(Saved entries)

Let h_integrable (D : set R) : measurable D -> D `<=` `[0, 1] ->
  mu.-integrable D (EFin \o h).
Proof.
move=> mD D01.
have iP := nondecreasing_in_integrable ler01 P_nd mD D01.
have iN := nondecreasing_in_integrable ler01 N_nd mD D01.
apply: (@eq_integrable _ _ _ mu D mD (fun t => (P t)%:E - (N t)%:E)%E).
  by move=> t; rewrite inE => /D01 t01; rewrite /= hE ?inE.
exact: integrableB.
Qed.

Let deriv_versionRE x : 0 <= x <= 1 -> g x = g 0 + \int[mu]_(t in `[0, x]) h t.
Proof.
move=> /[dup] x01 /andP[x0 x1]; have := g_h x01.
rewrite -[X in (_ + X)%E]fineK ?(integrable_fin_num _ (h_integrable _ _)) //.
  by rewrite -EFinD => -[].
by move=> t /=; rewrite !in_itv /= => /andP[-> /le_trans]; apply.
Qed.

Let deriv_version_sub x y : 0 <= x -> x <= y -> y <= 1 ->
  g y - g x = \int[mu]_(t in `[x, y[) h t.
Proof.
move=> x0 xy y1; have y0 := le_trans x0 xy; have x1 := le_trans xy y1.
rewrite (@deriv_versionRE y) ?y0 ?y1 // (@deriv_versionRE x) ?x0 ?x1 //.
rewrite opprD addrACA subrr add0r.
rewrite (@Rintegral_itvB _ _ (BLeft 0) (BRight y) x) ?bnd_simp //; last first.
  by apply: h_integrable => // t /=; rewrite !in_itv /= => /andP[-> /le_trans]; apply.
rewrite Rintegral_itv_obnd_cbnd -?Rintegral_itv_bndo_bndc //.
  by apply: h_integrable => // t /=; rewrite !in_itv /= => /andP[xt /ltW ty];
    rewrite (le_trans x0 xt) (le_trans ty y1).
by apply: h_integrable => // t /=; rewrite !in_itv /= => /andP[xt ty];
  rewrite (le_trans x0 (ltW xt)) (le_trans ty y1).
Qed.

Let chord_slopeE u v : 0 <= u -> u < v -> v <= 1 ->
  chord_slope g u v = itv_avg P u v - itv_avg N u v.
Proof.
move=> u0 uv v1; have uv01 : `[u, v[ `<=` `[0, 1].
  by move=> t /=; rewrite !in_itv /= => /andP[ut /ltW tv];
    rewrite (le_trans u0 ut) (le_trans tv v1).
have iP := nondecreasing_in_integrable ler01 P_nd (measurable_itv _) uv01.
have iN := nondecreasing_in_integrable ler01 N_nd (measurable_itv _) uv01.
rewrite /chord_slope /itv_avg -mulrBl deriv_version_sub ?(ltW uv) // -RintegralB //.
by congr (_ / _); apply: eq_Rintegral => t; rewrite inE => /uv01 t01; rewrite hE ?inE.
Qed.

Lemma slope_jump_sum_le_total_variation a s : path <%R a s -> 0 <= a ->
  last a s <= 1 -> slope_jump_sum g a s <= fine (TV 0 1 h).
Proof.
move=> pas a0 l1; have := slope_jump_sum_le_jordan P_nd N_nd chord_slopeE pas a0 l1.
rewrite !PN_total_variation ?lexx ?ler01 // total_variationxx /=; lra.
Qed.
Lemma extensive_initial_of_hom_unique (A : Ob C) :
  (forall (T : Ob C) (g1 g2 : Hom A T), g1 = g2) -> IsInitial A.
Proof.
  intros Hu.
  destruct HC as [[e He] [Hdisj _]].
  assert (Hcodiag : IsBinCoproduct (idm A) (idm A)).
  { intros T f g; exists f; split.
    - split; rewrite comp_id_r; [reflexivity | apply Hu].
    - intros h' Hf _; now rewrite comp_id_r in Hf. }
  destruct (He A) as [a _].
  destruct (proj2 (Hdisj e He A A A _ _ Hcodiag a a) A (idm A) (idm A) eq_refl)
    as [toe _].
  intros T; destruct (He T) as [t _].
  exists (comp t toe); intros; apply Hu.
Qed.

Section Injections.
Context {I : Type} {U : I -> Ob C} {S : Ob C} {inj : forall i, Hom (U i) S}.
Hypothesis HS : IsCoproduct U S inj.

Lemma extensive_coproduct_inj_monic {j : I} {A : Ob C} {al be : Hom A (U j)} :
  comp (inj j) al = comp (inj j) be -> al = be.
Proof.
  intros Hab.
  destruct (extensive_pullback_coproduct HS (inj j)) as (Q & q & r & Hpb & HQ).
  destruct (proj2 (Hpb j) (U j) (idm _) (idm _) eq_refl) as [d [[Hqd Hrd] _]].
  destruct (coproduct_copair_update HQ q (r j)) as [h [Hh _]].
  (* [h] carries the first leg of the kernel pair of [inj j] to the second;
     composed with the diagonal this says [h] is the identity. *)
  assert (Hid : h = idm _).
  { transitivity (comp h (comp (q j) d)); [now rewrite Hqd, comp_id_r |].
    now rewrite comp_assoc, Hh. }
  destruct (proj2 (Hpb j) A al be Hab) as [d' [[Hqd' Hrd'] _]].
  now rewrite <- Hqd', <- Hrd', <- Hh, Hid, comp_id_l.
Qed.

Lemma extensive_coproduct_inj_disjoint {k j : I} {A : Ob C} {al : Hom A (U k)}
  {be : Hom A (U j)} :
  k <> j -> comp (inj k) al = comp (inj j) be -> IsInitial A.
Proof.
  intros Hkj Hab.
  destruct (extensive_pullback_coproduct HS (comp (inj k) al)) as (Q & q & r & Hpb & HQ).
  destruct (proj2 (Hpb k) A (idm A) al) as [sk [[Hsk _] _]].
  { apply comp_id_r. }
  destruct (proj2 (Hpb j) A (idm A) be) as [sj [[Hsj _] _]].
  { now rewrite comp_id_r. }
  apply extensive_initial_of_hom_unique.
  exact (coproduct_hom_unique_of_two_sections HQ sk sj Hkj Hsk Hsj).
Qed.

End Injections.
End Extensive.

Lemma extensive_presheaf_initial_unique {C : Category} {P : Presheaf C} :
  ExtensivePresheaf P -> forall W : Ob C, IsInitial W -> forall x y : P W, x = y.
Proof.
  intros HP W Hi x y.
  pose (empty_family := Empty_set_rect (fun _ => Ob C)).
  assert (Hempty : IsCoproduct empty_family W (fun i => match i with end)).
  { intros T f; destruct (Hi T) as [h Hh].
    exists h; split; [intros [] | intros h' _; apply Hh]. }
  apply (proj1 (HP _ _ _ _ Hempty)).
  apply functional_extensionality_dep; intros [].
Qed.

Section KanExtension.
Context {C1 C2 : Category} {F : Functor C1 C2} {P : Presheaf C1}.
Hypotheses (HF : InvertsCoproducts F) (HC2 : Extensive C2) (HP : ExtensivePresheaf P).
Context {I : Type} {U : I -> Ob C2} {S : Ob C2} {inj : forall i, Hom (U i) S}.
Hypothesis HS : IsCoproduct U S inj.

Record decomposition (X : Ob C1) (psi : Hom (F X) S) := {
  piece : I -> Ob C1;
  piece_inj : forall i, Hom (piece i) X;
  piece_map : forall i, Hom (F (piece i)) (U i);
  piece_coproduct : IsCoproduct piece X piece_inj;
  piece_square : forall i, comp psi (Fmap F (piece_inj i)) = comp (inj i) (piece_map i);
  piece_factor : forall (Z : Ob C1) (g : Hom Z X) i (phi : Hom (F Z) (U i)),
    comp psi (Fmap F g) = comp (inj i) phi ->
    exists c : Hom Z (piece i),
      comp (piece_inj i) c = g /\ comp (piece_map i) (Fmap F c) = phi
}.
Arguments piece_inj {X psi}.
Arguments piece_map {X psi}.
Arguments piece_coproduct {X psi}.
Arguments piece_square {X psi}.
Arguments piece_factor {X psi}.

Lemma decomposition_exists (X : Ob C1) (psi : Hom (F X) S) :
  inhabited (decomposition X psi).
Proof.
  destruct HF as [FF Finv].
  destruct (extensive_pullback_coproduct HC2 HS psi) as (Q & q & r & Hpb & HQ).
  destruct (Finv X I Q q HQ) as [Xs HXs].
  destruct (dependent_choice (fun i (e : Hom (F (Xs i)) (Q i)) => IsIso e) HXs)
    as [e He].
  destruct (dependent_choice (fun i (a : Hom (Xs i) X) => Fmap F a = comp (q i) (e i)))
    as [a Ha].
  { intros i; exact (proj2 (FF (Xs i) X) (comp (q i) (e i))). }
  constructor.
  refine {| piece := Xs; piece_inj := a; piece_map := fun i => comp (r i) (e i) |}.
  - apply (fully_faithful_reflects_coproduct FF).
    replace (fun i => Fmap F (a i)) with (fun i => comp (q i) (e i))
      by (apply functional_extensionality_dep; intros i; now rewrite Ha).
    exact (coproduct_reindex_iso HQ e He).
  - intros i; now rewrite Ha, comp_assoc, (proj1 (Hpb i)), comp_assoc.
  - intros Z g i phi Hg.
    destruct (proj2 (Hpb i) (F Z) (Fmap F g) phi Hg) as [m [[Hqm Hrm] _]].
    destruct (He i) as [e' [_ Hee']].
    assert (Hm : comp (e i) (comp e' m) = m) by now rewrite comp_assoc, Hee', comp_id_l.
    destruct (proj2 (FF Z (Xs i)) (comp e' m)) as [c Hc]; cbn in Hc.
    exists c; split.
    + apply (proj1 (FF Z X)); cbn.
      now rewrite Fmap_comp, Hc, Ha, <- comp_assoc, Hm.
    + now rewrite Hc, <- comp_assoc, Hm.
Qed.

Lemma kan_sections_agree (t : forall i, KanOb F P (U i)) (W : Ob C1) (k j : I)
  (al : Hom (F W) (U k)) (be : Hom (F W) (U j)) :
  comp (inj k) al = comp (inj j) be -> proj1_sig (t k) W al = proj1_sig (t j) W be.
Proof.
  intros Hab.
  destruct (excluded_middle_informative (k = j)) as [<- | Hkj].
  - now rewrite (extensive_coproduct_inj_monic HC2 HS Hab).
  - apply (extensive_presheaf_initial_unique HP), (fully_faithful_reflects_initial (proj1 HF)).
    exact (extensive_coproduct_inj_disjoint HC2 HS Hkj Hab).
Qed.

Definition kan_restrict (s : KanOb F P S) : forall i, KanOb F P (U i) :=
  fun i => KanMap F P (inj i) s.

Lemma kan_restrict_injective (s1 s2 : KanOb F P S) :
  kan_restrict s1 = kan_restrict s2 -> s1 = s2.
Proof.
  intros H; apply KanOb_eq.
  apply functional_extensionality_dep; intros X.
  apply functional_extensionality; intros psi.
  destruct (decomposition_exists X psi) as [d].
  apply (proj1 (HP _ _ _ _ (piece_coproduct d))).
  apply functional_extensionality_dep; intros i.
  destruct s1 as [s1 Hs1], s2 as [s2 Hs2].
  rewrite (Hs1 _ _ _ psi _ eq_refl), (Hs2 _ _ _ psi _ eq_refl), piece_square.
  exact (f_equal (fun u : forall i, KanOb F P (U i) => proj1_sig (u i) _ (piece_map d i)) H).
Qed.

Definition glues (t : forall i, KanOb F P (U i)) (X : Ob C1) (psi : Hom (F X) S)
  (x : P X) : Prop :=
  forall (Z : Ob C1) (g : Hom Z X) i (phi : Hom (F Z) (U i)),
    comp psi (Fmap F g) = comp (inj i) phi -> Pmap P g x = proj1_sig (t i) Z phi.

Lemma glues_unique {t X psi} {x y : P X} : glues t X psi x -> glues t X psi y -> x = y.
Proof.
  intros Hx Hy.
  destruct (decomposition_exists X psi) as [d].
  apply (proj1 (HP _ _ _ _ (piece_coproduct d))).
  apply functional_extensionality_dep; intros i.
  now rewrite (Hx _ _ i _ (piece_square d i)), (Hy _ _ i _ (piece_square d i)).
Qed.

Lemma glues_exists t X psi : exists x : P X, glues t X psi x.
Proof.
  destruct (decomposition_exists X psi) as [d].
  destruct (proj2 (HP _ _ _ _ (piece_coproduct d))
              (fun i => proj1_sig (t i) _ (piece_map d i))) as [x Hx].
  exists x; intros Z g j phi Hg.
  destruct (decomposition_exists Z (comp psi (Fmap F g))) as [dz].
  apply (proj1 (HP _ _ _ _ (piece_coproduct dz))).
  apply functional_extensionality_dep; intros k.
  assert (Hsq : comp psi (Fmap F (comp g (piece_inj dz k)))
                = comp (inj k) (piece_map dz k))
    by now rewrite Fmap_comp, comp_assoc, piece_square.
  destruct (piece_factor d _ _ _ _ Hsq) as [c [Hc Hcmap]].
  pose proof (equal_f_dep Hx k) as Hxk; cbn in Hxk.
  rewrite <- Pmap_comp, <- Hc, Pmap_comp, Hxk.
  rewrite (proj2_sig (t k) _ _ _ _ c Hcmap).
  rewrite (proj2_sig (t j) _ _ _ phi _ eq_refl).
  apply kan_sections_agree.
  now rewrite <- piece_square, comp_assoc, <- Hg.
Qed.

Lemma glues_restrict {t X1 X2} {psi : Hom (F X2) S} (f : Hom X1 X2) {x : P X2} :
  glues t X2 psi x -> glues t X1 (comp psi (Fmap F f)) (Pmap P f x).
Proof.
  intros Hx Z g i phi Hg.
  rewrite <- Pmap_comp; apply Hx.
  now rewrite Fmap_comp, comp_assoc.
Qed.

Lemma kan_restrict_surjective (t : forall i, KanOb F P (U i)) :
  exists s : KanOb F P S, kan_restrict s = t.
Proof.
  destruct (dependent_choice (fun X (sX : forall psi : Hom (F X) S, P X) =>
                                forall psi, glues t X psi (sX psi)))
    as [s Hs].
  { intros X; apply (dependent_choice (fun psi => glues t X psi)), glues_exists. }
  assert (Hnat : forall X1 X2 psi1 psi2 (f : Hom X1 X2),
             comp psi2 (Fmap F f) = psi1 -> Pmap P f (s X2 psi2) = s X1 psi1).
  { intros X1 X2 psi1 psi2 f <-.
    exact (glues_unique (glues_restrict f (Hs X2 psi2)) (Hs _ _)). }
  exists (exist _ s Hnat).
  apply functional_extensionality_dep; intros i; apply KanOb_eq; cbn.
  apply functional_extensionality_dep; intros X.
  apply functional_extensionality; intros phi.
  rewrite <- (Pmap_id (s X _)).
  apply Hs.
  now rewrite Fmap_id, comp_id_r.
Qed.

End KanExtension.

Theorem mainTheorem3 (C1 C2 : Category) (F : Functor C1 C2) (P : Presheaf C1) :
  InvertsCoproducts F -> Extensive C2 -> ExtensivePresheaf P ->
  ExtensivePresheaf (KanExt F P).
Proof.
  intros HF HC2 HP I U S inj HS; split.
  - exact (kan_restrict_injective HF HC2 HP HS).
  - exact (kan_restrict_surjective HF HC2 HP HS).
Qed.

**Task directions:**
Scan the records above for the lines holding "destruct (proj2 (Hpb k)" and "destruct (extensive_pullback_coproduct HC2". Transcribe those two and every line between them word for word, and no others.

**Expected answer:**
  destruct (proj2 (Hpb k) A (idm A) al) as [sk [[Hsk _] _]].
  { apply comp_id_r. }
  destruct (proj2 (Hpb j) A (idm A) be) as [sj [[Hsj _] _]].
  { now rewrite comp_id_r. }
  apply extensive_initial_of_hom_unique.
  exact (coproduct_hom_unique_of_two_sections HQ sk sj Hkj Hsk Hsj).
Qed.

End Injections.
End Extensive.

Lemma extensive_presheaf_initial_unique {C : Category} {P : Presheaf C} :
  ExtensivePresheaf P -> forall W : Ob C, IsInitial W -> forall x y : P W, x = y.
Proof.
  intros HP W Hi x y.
  pose (empty_family := Empty_set_rect (fun _ => Ob C)).
  assert (Hempty : IsCoproduct empty_family W (fun i => match i with end)).
  { intros T f; destruct (Hi T) as [h Hh].
    exists h; split; [intros [] | intros h' _; apply Hh]. }
  apply (proj1 (HP _ _ _ _ Hempty)).
  apply functional_extensionality_dep; intros [].
Qed.

Section KanExtension.
Context {C1 C2 : Category} {F : Functor C1 C2} {P : Presheaf C1}.
Hypotheses (HF : InvertsCoproducts F) (HC2 : Extensive C2) (HP : ExtensivePresheaf P).
Context {I : Type} {U : I -> Ob C2} {S : Ob C2} {inj : forall i, Hom (U i) S}.
Hypothesis HS : IsCoproduct U S inj.

Record decomposition (X : Ob C1) (psi : Hom (F X) S) := {
  piece : I -> Ob C1;
  piece_inj : forall i, Hom (piece i) X;
  piece_map : forall i, Hom (F (piece i)) (U i);
  piece_coproduct : IsCoproduct piece X piece_inj;
  piece_square : forall i, comp psi (Fmap F (piece_inj i)) = comp (inj i) (piece_map i);
  piece_factor : forall (Z : Ob C1) (g : Hom Z X) i (phi : Hom (F Z) (U i)),
    comp psi (Fmap F g) = comp (inj i) phi ->
    exists c : Hom Z (piece i),
      comp (piece_inj i) c = g /\ comp (piece_map i) (Fmap F c) = phi
}.
Arguments piece_inj {X psi}.
Arguments piece_map {X psi}.
Arguments piece_coproduct {X psi}.
Arguments piece_square {X psi}.
Arguments piece_factor {X psi}.

Lemma decomposition_exists (X : Ob C1) (psi : Hom (F X) S) :
  inhabited (decomposition X psi).
Proof.
  destruct HF as [FF Finv].
  destruct (extensive_pullback_coproduct HC2 HS psi) as (Q & q & r & Hpb & HQ).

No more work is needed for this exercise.